The answer is the set of lines that include "product", copied from the data below.

╭─ Information shown

(* Let $\Omega\subset\mathbb{C}^n$ be a bounded domain and let $\mathcal R$ and $\mathcal R'$ be quasi-free Hilbert modules of rank $m$, $1\le m<\infty$, over $A(\Omega)$ with generating sets $\{f_1,\dots,f_m\}$ and $\{g_1,\dots,g_m\}$ respectively. Let $\Delta$ be the closure in $\mathcal R\oplus\mathcal R'$ of the linear span of $\{\varphi f_i\oplus\varphi g_i:\varphi\in A(\Omega),1\le i\le m\}$. Then $\Delta$ is the graph of a closed, densely defined, one-to-one linear transformation $\delta=\delta(\mathcal R,\mathcal R')$ from $\mathcal R$ to $\mathcal R'$ having dense range. Moreover, the domain and range of $\delta$ are invariant under the module action and $\delta$ is a module transformation (i.e. $\delta(\varphi h)=\varphi\delta(h)$ for $h$ in its domain and $\varphi\in A(\Omega)$).
   Context: $A(\Omega)$ is the closure, in the supremum norm on $\Omega$, of the set of functions holomorphic on some neighbourhood of $\overline\Omega$; $\ell^2_m$ is the $m$-dimensional Hilbert space. A quasi-free Hilbert module of rank $m$ over $A(\Omega)$ is a Hilbert space $\mathcal R$ obtained as the completion of $A(\Omega)\otimes\ell^2_m$ (regarded as $\ell^2_m$-valued holomorphic functions on $\Omega$) with respect to an inner product such that: (1) for each $z\in\Omega$ evaluation at $z$ into $\ell^2_m$ is bounded, with norm locally uniformly bounded in $z$; (2) $\|\varphi F\|_{\mathcal R}\le\|\varphi\|_{A(\Omega)}\|F\|_{\mathcal R}$; (3) if $(F_i)$ is Cauchy in $\mathcal R$-norm, then $F_i(z)\to0$ for all $z$ iff $\|F_i\|_{\mathcal R}\to0$. $A(\Omega)$ acts by multiplication. For $z\in\Omega$, the localization $\mathcal R\otimes_{A(\Omega)}\mathbb C_z$ is the quotient $\mathcal R/\mathcal R_z$, $\mathcal R_z$ the closure of $\{\varphi h:\varphi\in A(\Omega),\varphi(z)=0,h\in\mathcal R\}$, with $h\otimes 1_z$ the class of $h$. A generating set of $\mathcal R$ is $\{f_1,\dots,f_m\}\subset\mathcal R$ whose $A(\Omega)$-multiples span a dense subspace of $\mathcal R$ and with $\{f_i\otimes1_z\}$ a basis of $\mathcal R\otimes_{A(\Omega)}\mathbb C_z$ for each $z$; then $\{f_i(z)\}$ is a basis of $\ell^2_m$ for every $z\in\Omega$. *)

From HB Require Import structures.
From mathcomp Require Import all_boot all_order all_algebra.
From mathcomp Require Import all_classical all_reals all_analysis.
From mathcomp.real_closed Require Import complex.
Import Order.TTheory GRing.Theory Num.Theory.
Import numFieldNormedType.Exports.

Set Implicit Arguments.
Unset Strict Implicit.
Unset Printing Implicit Defensive.

Local Open Scope ring_scope.
Local Open Scope classical_set_scope.

(* C^n, as a normed C-vector space (complex Frechet differentiability below
   is therefore holomorphy). *)
Definition Cn (R : realType) (n : nat) : normedModType R[i] := 'rV[R[i]]_n.

Definition bounded_domain (R : realType) (n : nat) (Om : set (Cn R n)) : Prop :=
  [/\ Om !=set0, open Om, connected Om & bounded_set Om].

Definition holo_on (R : realType) (n : nat) (U : set (Cn R n))
  (g : Cn R n -> (R[i])^o) : Prop :=
  open U /\ forall z, U z -> differentiable g z.

Definition pt (R : realType) (n : nat) (Om : set (Cn R n)) := {z : Cn R n | Om z}.

(* A(Omega): sup-norm closure on Omega of the functions holomorphic on some
   neighbourhood of the closure of Omega. *)
Definition inAOm (R : realType) (n : nat) (Om : set (Cn R n)) (phi : pt Om -> R[i])
  : Prop :=
  forall eps : R, 0 < eps -> exists (U : set (Cn R n)) (g : Cn R n -> (R[i])^o),
    [/\ closure Om `<=` U, holo_on U g &
        forall x : pt Om, Normc.normc (phi x - g (sval x)) <= eps].

Definition supnorm (R : realType) (n : nat) (Om : set (Cn R n)) (phi : pt Om -> R[i])
  : R := sup [set Normc.normc (phi x) | x in [set: pt Om]].

Definition Vfun (R : realType) (n m : nat) (Om : set (Cn R n)) :=
  pt Om -> 'rV[R[i]]_m.

Definition actA (R : realType) (n m : nat) (Om : set (Cn R n))
  (phi : pt Om -> R[i]) (F : Vfun m Om) : Vfun m Om :=
  fun x => phi x *: F x.

Definition l2sq (R : realType) (m : nat) (v : 'rV[R[i]]_m) : R :=
  \sum_(i < m) Normc.normc (v 0 i) ^+ 2.

Definition hnorm (R : realType) (T : Type) (ip : T -> T -> R[i]) (F : T) : R :=
  Num.sqrt (complex.Re (ip F F)).

Definition lspan (R : realType) (T : lmodType R[i]) (P : set T) : set T :=
  fun x => exists (k : nat) (c : 'I_k -> R[i]) (v : 'I_k -> T),
    (forall j, P (v j)) /\ x = \sum_(j < k) c j *: v j.

Definition ncauchy (R : realType) (T : zmodType) (N : T -> R) (u : nat -> T) : Prop :=
  forall e : R, 0 < e -> exists K, forall j k, (K <= j)%N -> (K <= k)%N ->
    N (u j - u k) < e.
Definition nconv (R : realType) (T : zmodType) (N : T -> R) (u : nat -> T) (l : T)
  : Prop :=
  forall e : R, 0 < e -> exists K, forall k, (K <= k)%N -> N (u k - l) < e.

(* Thanks to condition (3)
   the completion of A(Omega) (x) ell^2_m is realised (as in the paper) as a
   space S of ell^2_m-valued functions on Omega, with inner product ip. *)
Definition quasi_free (R : realType) (n m : nat) (Om : set (Cn R n))
  (S : set (Vfun m Om)) (ip : Vfun m Om -> Vfun m Om -> R[i]) : Prop :=
  let N := hnorm ip in
   [/\ S 0, (forall F G, S F -> S G -> S (F + G)) &
       (forall (c : R[i]) F, S F -> S (c *: F))] /\
   [/\ (forall (c : R[i]) F G H, S F -> S G -> S H ->
          ip (c *: F + G) H = c * ip F H + ip G H),
       (forall F G, S F -> S G -> ip G F = (ip F G)^*),
       (forall F, S F -> 0 <= ip F F) &
       (forall F, S F -> ip F F = 0 -> F = 0)] /\
   (forall u : nat -> Vfun m Om, (forall k, S (u k)) -> ncauchy N u ->
      exists F, S F /\ nconv N u F) /\
   (* S is the completion of A(Omega) (x) ell^2_m *)
   [/\ (forall F : Vfun m Om, (forall i, inAOm (fun x => F x 0 i)) -> S F) &
       (forall F, S F -> forall e : R, 0 < e -> exists G : Vfun m Om,
          (forall i, inAOm (fun x => G x 0 i)) /\ N (F - G) < e)] /\
   (forall z0 : pt Om, exists (r M : R), 0 < r /\
      forall x : pt Om, `|sval x - sval z0| < (r%:C)%C ->
        forall F, S F -> Num.sqrt (l2sq (F x)) <= M * N F) /\
   (forall phi F, inAOm phi -> S F ->
      S (actA phi F) /\ N (actA phi F) <= supnorm phi * N F) /\
   (* (3) *)
   (forall u : nat -> Vfun m Om, (forall k, S (u k)) -> ncauchy N u ->
      ((forall x i, (fun k => u k x 0 i) @ \oo --> (0 : (R[i])^o)) <->
       (fun k => N (u k)) @ \oo --> (0 : R))).

Definition nclosure (R : realType) (n m : nat) (Om : set (Cn R n))
  (S : set (Vfun m Om)) (ip : Vfun m Om -> Vfun m Om -> R[i])
  (P : set (Vfun m Om)) : set (Vfun m Om) :=
  fun F => S F /\ forall e : R, 0 < e -> exists G, P G /\ hnorm ip (F - G) < e.

Definition Rz (R : realType) (n m : nat) (Om : set (Cn R n))
  (S : set (Vfun m Om)) (ip : Vfun m Om -> Vfun m Om -> R[i]) (z : pt Om)
  : set (Vfun m Om) :=
  nclosure S ip (lspan (fun F => exists phi h,
                         [/\ inAOm phi, phi z = 0, S h & F = actA phi h])).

╰─

Answer space:
   Context: $A(\Omega)$ is the closure, in the supremum norm on $\Omega$, of the set of functions holomorphic on some neighbourhood of $\overline\Omega$; $\ell^2_m$ is the $m$-dimensional Hilbert space. A quasi-free Hilbert module of rank $m$ over $A(\Omega)$ is a Hilbert space $\mathcal R$ obtained as the completion of $A(\Omega)\otimes\ell^2_m$ (regarded as $\ell^2_m$-valued holomorphic functions on $\Omega$) with respect to an inner product such that: (1) for each $z\in\Omega$ evaluation at $z$ into $\ell^2_m$ is bounded, with norm locally uniformly bounded in $z$; (2) $\|\varphi F\|_{\mathcal R}\le\|\varphi\|_{A(\Omega)}\|F\|_{\mathcal R}$; (3) if $(F_i)$ is Cauchy in $\mathcal R$-norm, then $F_i(z)\to0$ for all $z$ iff $\|F_i\|_{\mathcal R}\to0$. $A(\Omega)$ acts by multiplication. For $z\in\Omega$, the localization $\mathcal R\otimes_{A(\Omega)}\mathbb C_z$ is the quotient $\mathcal R/\mathcal R_z$, $\mathcal R_z$ the closure of $\{\varphi h:\varphi\in A(\Omega),\varphi(z)=0,h\in\mathcal R\}$, with $h\otimes 1_z$ the class of $h$. A generating set of $\mathcal R$ is $\{f_1,\dots,f_m\}\subset\mathcal R$ whose $A(\Omega)$-multiples span a dense subspace of $\mathcal R$ and with $\{f_i\otimes1_z\}$ a basis of $\mathcal R\otimes_{A(\Omega)}\mathbb C_z$ for each $z$; then $\{f_i(z)\}$ is a basis of $\ell^2_m$ for every $z\in\Omega$. *)
   space S of ell^2_m-valued functions on Omega, with inner product ip. *)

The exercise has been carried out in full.